Crank is a condition in which a ship (especially a sailing ship) heels abnormally, and recovers slowly under the action of the wind. If a ship makes long, slow rolls and takes time resuming a vertical position, it is referred to as crank, cranky, crank-sided, tender, or tender-sided. If the ship snaps back to its vertical position when heeled, it is called ʻstiff.ʼ Stiffness refers to a ship's power to stand up to her canvas, and will offer great resistance to inclination from the upright, when under sail. Although stiff is considered good in the case of many ships, there are extreme cases in which the vessel will be too stiff and resist the tendency to heel under wind pressure, which may cause damage to masts, rigging, and structure. According to Arthur Nelson, “most new Tudor ships were affected slightly on completion, one way or the other."

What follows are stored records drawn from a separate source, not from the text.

Lemma refine_ball_spec m u : extendable (ball m) u ->
  extendable (ball (S m)) (refine_ball m u) /\ agree_on (ball m) (refine_ball m u) u.
Proof. intros Hu. unfold refine_ball. apply epsilon_spec, extendable_ball_succ, Hu. Qed.

Lemma approx_extendable m : extendable (ball m) (approx m).
Proof.
  induction m as [|m IH].
  - intros N. destruct (K_nonempty N) as [xi HK]. exists xi. split; [exact HK|].
    intros j Hj. unfold ball in Hj. lia.
  - apply refine_ball_spec, IH.
Qed.

Lemma approx_agree m d : agree_on (ball m) (approx (d + m)) (approx m).
Proof.
  induction d as [|d IH]; intros j Hj; [reflexivity|]. simpl.
  rewrite (proj2 (refine_ball_spec _ _ (approx_extendable _))) by (unfold ball in *; lia).
  apply IH, Hj.
Qed.

Definition limit : config := fun j => approx (S (Z.to_nat (Z.abs j))) j.

Lemma limit_agree m : agree_on (ball m) limit (approx m).
Proof.
  intros j Hj. unfold limit, ball in *.
  replace m with (m - S (Z.to_nat (Z.abs j)) + S (Z.to_nat (Z.abs j)))%nat by lia.
  symmetry. apply approx_agree. unfold ball. lia.
Qed.

Theorem cantor_intersection : exists xi, forall N, K N xi.
Proof.
  exists limit. intros N. apply NNPP. intros Hout.
  destruct (K_closed N limit Hout) as [n Hn].
  destruct (approx_extendable (S n) N) as [xi [HK Hag]].
  apply (Hn xi); [|exact HK].
  intros j Hj. rewrite Hag by (unfold ball; lia).
  symmetry. apply limit_agree. unfold ball. lia.
Qed.

End CantorIntersection.

Lemma GRS_square_legal x : exists p q, GRS x = [p; q] /\ legal GRS [p; q; p].
Proof.
  destruct x.
  - exists A, B. split; [reflexivity|]. exists 2%nat, A, [], [C]. reflexivity.
  - exists A, C. split; [reflexivity|]. exists 3%nat, A, [A; B], [B; D; B]. reflexivity.
  - exists D, B. split; [reflexivity|]. exists 3%nat, D, [D; C], [C; A; C]. reflexivity.
  - exists D, C. split; [reflexivity|]. exists 2%nat, D, [], [B]. reflexivity.
Qed.

Lemma length_GRS_pow n u : length (subst_pow GRS n u) = (2 ^ n * length u)%nat.
Proof. apply length_subst_pow. now intros []. Qed.

Lemma GRS_letter_occurs m y c : (3 <= m)%nat -> subword [c] (subst_pow GRS m [y]).
Proof.
  intros Hm. revert y. induction Hm as [|m Hm IH]; intros y.
  - destruct y, c; apply in_subword; cbn; tauto.
  - destruct (GRS_square_legal y) as [p [q [Hy _]]].
    rewrite subst_pow_succ. simpl subst_word. rewrite Hy.
    apply (subword_trans _ _ _ (IH p)), subst_pow_subword. now exists [], [q].
Qed.

Lemma GRS_legal_eventually_everywhere w :
  legal GRS w -> exists j, forall k x, (j <= k)%nat -> subword w (subst_iter GRS k x).
Proof.
  intros [j [c Hw]]. exists (j + 3)%nat. intros k x Hk.
  apply (subword_trans _ _ _ Hw). rewrite !subst_iter_pow.
  replace k with (j + (k - j))%nat by lia. rewrite <- subst_pow_add.
  apply subst_pow_subword, GRS_letter_occurs. lia.
Qed.

Lemma eta_GRS_periodic x k : periodic (eta_GRS x k).
Proof.
  apply per_ext_periodic. rewrite subst_iter_pow, length_GRS_pow.
  pose proof (Nat.pow_nonzero 2 k). simpl. lia.
Qed.

Lemma eta_GRS_window_legal x k i L :
  (L <= 2 ^ k)%nat -> legal GRS (word_at (eta_GRS x (S k)) i L).
Proof.
  intros HL. destruct (GRS_square_legal x) as [p [q [Hx Hpqp]]].
  assert (Hsplit : subst_iter GRS (S k) x = subst_pow GRS k [p] ++ subst_pow GRS k [q]).
  { rewrite subst_iter_pow, subst_pow_succ. simpl subst_word. rewrite Hx.
    apply (subst_pow_app GRS k [p] [q]). }
  pose proof (Nat.pow_nonzero 2 k).
  unfold eta_GRS. rewrite Hsplit.
  apply (legal_subword GRS _ (subst_pow GRS k ([p] ++ [q] ++ [p]))).
  - rewrite !subst_pow_app. apply per_ext_window_subword;
      rewrite ?length_app, !length_GRS_pow; simpl; lia.
  - apply legal_subst_pow, Hpqp.
Qed.

Lemma GRS_orbits_meet_open x O :
  is_open O -> (exists xi, GRS_subshift xi /\ O xi) ->
  exists N, forall k, (N <= k)%nat -> exists xi, Orb (eta_GRS x k) xi /\ O xi.
Proof.
  intros HO [xi [Hxi HOxi]]. destruct (HO xi HOxi) as [n Hn].
  destruct (GRS_legal_eventually_everywhere (central_word xi n) (Hxi _ _)) as [j Hj].
  exists j. intros k Hk.
  destruct (per_ext_occurrence _ _ (- Z.of_nat n) _ (Hj k x Hk) (length_word_at _ _ _))
    as [s Hs].
  exists (shift_pow s (eta_GRS x k)). split; [now exists s|].
  apply Hn. intros i Hi. now apply (central_word_eq_iff _ _ n).
Qed.

Lemma GRS_orbits_avoid_closed x F :
  is_closed F -> (forall xi, GRS_subshift xi -> ~ F xi) ->
  exists N, forall k, (N <= k)%nat -> forall xi, Orb (eta_GRS x k) xi -> ~ F xi.
Proof.
  intros HF Hdisj.
  destruct (classic (exists N, forall xi, F xi -> ~ legal GRS (central_word xi N)))
    as [[N HN] | Hlegal].
  - exists (S (2 * N + 1)). intros [|k] Hk xi [s ->] HFxi; [lia|].
    apply (HN _ HFxi). unfold central_word. rewrite word_at_shift_pow.
    apply eta_GRS_window_legal.
    pose proof (Nat.pow_gt_lin_r 2 (2 * N + 1)).
    pose proof (Nat.pow_le_mono_r 2 (2 * N + 1) k). lia.
  - set (K N xi := F xi /\ legal GRS (central_word xi N)).
    destruct (cantor_intersection K) as [xi Hxi].
    + intros N N' xi HN [HFxi Hl]. split; [exact HFxi|].
      exact (legal_subword GRS _ _ (central_word_subword xi N N' HN) Hl).
    + intros N. apply NNPP. intros Hempty. apply Hlegal. exists N.
      intros xi HFxi Hl. apply Hempty. now exists xi.
    + intros N. apply is_closed_and; [exact HF|]. apply (is_closed_local _ N).
      intros xi eta Hag. now rewrite (proj2 (central_word_eq_iff eta xi N) Hag).
    + exfalso. apply (Hdisj xi); [|apply (Hxi 0%nat)].
      apply subshift_of_central_words. intros N. apply Hxi.
Qed.

Lemma eta_GRS_cvg x : vietoris_cvg (fun k => Orb (eta_GRS x k)) GRS_subshift.
Proof. split; [apply GRS_orbits_avoid_closed | apply GRS_orbits_meet_open]. Qed.

Theorem proposition15 :
  periodically_approximable GRS_subshift /\
  forall x : letter, vietoris_cvg (fun k => Orb (eta_GRS x k)) GRS_subshift.
Proof.
  split.
  - exists (eta_GRS A). split; [apply eta_GRS_periodic | apply eta_GRS_cvg].
  - exact eta_GRS_cvg.
Qed.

The reason a ship may be crank cannot be summarized as one precise, underlying cause, but rather as anything that may affect the relationship of the centre of buoyancy and the centre of gravity to each other; essentially, anything that affects the ship's stability.

The stability of a ship will at any moment depend:

- on her external form and proportions
- on her immediate comparative displacement and depth of immersion
- on the momentary distribution of her weights, as affecting the position of her ʻcentre of gravityʼ

The summation of all the weights is an important aspect of the stability of a ship. Fixtures, fittings, masts, rigging, crew, ballast, etc., will affect a ship's stability based on their individual movements about the centreline of the ship. These weights will exert a downward force on the vertical centreline (imagining a line drawn through the centre of the ship and the metacentre is the point in the middle). The centre of the submerged part of the hull acts as an upward force on the vertical centreline, and so these two forces have to be balanced with the sea at the waterline of the ship when it is at rest.

By looking at the various weights, distributions and contributing factors that may affect its buoyancy, remedies can be attempted to solve what has affected the ship's stability. In the case of the Gresham Ship (1574), furring was the chosen method to solve its crankness.